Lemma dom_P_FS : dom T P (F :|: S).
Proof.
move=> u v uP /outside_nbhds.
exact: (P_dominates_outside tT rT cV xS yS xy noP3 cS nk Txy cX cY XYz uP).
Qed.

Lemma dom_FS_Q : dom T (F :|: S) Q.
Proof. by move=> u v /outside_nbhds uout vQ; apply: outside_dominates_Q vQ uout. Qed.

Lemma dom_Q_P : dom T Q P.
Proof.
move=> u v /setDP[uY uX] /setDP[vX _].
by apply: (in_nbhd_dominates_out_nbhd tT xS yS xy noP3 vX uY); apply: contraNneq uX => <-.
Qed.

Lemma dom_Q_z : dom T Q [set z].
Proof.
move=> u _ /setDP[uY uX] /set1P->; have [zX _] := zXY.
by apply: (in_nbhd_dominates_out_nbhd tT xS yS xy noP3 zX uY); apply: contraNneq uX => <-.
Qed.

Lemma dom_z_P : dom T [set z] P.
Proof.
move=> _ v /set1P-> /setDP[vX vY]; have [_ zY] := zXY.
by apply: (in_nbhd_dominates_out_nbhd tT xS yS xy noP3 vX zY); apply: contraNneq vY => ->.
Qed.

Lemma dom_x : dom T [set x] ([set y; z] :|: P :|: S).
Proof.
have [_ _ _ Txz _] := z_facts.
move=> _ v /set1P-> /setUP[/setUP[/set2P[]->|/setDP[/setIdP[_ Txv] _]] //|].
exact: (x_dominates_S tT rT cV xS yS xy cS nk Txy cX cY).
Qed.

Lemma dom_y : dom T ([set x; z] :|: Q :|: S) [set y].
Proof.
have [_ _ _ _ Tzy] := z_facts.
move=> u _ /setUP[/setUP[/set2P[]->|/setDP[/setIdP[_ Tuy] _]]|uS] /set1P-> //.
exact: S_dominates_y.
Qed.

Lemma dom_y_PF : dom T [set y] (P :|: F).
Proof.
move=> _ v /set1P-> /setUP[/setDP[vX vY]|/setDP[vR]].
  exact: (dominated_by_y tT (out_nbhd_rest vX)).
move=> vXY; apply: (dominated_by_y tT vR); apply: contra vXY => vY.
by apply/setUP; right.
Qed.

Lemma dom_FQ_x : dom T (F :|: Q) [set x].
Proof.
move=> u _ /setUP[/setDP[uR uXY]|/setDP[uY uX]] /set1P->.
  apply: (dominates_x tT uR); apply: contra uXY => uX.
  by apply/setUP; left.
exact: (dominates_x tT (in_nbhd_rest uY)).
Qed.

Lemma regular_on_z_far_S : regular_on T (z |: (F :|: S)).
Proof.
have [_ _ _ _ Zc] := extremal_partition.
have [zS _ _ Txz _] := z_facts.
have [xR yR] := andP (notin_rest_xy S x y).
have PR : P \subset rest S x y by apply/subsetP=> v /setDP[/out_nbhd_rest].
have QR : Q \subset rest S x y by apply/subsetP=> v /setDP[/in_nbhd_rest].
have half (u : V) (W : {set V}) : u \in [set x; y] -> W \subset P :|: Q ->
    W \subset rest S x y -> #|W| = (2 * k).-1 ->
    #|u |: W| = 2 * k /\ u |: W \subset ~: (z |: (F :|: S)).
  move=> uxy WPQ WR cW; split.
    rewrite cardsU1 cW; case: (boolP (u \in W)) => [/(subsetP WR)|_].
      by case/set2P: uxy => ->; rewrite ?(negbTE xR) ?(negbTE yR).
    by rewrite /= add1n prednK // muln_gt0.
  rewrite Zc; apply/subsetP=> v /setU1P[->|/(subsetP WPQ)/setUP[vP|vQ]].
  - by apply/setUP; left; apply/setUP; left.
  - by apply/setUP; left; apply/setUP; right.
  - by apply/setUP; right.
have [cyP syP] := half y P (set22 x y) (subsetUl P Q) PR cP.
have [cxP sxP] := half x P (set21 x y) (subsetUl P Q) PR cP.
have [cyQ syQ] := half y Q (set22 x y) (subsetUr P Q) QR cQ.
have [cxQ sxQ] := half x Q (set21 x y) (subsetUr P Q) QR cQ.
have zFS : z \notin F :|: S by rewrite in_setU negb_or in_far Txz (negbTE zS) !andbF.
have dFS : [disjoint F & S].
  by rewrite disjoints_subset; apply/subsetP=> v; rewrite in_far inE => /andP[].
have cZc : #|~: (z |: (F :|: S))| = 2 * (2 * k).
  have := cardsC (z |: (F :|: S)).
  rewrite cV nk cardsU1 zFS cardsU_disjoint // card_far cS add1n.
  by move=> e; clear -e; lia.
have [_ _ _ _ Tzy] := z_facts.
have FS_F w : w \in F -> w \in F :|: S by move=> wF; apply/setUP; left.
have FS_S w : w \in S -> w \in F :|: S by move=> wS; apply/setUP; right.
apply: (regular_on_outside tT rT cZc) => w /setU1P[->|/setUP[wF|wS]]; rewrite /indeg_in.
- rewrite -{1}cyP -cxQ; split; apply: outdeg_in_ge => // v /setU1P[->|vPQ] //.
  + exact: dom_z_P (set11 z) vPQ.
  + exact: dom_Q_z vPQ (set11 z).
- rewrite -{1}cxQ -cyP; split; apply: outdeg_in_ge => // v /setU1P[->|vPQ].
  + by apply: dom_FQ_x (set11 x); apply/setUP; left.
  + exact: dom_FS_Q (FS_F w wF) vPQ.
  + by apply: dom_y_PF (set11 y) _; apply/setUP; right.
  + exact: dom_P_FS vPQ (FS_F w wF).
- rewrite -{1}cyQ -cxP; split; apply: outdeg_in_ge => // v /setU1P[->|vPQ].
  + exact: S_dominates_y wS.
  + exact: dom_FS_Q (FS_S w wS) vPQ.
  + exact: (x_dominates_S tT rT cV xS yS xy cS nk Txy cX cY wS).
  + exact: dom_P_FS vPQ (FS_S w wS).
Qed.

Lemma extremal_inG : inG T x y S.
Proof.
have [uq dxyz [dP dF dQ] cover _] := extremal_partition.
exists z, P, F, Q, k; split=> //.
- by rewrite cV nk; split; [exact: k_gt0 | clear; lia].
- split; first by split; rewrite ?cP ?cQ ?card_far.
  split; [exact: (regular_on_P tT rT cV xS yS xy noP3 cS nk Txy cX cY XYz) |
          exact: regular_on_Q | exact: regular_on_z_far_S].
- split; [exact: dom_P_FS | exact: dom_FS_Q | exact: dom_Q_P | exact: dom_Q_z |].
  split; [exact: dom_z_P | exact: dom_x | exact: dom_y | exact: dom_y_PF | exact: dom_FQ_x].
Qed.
=====
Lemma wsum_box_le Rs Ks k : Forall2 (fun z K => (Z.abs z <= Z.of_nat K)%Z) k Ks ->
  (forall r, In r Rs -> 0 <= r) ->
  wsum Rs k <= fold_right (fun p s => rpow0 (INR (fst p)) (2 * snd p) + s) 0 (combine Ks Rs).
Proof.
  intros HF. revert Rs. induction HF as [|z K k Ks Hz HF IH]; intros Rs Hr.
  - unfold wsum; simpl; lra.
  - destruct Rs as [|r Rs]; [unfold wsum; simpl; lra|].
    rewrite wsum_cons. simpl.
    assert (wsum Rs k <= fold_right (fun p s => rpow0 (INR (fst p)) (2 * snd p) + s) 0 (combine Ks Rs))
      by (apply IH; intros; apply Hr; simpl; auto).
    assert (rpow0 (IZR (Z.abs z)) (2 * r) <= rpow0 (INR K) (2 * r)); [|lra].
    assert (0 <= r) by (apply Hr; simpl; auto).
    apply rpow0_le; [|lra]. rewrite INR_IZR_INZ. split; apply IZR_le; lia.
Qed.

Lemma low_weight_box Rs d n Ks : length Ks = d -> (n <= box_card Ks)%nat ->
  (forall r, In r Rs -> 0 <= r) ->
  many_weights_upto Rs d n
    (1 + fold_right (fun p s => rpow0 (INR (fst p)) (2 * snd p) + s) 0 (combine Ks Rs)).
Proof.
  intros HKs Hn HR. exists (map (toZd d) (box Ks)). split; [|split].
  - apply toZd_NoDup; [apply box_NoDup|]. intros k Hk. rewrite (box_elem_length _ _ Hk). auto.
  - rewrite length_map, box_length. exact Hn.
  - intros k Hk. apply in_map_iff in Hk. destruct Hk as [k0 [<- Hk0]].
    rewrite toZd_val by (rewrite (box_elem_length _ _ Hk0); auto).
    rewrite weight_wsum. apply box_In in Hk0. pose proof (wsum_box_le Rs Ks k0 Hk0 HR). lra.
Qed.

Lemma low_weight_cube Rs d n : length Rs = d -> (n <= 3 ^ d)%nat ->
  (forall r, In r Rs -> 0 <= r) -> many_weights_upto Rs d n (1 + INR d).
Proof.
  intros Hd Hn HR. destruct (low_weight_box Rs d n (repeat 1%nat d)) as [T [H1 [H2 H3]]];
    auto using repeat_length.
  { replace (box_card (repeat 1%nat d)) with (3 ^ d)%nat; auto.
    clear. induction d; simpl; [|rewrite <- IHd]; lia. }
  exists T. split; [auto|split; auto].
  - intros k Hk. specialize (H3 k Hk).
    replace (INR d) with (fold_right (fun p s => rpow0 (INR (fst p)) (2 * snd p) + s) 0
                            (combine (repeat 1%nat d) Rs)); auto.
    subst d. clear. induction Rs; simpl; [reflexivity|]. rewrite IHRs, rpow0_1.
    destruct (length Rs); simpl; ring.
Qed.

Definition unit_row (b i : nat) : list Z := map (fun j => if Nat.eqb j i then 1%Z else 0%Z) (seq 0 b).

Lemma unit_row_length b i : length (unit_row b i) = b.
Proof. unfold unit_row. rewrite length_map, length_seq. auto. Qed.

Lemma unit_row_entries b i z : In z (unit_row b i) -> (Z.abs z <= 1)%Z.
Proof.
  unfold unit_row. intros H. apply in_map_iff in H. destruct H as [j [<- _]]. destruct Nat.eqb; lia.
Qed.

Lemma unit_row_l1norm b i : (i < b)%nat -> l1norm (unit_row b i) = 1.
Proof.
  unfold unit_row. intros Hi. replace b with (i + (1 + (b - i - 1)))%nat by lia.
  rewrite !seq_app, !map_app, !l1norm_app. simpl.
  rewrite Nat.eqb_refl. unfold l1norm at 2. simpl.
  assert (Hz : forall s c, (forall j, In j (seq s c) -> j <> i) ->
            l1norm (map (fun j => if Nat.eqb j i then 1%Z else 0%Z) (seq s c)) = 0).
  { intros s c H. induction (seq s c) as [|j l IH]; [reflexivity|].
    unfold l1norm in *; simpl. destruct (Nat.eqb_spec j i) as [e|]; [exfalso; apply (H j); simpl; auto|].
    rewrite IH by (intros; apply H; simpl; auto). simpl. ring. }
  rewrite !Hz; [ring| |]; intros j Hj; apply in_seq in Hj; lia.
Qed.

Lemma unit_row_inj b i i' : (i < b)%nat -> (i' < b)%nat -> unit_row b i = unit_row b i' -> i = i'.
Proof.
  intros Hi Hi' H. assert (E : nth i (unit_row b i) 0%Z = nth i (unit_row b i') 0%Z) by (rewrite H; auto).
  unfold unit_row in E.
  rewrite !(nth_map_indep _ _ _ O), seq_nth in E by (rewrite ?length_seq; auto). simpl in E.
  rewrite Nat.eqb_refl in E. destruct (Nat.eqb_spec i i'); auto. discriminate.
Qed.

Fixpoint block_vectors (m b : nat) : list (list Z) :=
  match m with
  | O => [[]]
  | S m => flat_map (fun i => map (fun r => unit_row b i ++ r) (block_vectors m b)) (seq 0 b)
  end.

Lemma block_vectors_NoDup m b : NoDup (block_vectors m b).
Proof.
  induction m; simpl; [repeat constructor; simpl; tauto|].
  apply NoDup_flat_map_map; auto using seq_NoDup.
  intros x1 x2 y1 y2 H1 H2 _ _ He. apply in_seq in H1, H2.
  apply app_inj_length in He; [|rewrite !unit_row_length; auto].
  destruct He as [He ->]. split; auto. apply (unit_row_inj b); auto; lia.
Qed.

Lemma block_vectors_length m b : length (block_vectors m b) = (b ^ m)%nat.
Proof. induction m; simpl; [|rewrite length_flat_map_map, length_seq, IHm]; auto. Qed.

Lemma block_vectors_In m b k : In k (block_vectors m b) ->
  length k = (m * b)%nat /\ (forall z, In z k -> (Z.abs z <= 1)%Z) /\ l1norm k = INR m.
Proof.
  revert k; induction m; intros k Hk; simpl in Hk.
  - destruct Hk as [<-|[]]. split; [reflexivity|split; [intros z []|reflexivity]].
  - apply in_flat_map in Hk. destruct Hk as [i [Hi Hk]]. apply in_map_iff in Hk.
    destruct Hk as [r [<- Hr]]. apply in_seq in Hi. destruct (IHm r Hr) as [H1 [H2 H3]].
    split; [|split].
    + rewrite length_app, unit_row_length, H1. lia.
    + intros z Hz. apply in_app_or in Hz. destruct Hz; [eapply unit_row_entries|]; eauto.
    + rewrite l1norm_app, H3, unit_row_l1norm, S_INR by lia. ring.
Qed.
=====
■ What is expected ■
Only one stretch of the data above is needed. Restate it word for word, from the line containing "(FS_S w wS) vPQ." through the line containing "exists z, P, F, Q, k; split=> //.", both ends included.

■ Reply to the task ■
  + exact: dom_FS_Q (FS_S w wS) vPQ.
  + exact: (x_dominates_S tT rT cV xS yS xy cS nk Txy cX cY wS).
  + exact: dom_P_FS vPQ (FS_S w wS).
Qed.

Lemma extremal_inG : inG T x y S.
Proof.
have [uq dxyz [dP dF dQ] cover _] := extremal_partition.
exists z, P, F, Q, k; split=> //.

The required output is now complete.